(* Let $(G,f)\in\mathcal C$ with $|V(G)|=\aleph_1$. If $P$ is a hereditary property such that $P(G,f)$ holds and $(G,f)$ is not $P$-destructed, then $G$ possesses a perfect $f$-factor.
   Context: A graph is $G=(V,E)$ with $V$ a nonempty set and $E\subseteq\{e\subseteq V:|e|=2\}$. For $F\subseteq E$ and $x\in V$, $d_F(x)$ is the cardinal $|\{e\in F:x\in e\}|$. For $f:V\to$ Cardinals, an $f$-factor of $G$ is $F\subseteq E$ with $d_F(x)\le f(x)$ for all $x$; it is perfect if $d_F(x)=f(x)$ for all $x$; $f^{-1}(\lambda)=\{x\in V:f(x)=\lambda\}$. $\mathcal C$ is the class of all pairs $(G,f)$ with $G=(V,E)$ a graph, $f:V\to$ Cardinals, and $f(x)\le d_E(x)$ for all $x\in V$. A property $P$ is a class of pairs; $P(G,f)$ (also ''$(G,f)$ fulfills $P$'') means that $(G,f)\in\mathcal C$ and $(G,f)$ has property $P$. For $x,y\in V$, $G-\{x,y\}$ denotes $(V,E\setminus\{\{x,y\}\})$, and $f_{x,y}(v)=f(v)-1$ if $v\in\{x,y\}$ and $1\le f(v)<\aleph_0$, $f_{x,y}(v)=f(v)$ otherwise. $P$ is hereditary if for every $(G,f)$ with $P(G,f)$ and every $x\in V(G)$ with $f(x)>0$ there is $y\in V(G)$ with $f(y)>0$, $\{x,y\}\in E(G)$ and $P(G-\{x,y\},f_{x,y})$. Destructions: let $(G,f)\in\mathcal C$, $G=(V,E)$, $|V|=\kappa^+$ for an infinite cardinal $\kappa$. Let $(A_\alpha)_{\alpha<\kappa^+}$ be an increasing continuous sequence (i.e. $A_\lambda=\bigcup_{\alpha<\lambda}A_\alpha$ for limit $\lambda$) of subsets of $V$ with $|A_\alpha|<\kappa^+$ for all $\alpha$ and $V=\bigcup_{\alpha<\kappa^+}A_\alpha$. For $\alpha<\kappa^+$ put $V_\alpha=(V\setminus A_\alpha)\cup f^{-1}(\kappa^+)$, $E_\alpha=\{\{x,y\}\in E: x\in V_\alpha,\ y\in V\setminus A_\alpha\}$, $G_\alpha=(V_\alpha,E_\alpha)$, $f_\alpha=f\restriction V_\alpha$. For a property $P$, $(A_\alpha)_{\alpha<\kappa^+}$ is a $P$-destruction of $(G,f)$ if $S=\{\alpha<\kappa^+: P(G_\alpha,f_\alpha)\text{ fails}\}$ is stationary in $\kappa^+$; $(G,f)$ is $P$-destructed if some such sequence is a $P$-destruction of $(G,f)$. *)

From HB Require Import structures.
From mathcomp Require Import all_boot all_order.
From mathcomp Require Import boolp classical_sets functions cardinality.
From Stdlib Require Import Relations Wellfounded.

----------

→ **Your task**:
Reproduce every line from the entries that holds the word "mathcomp".

→ **Answer space**:
From mathcomp Require Import all_boot all_order.
From mathcomp Require Import boolp classical_sets functions cardinality.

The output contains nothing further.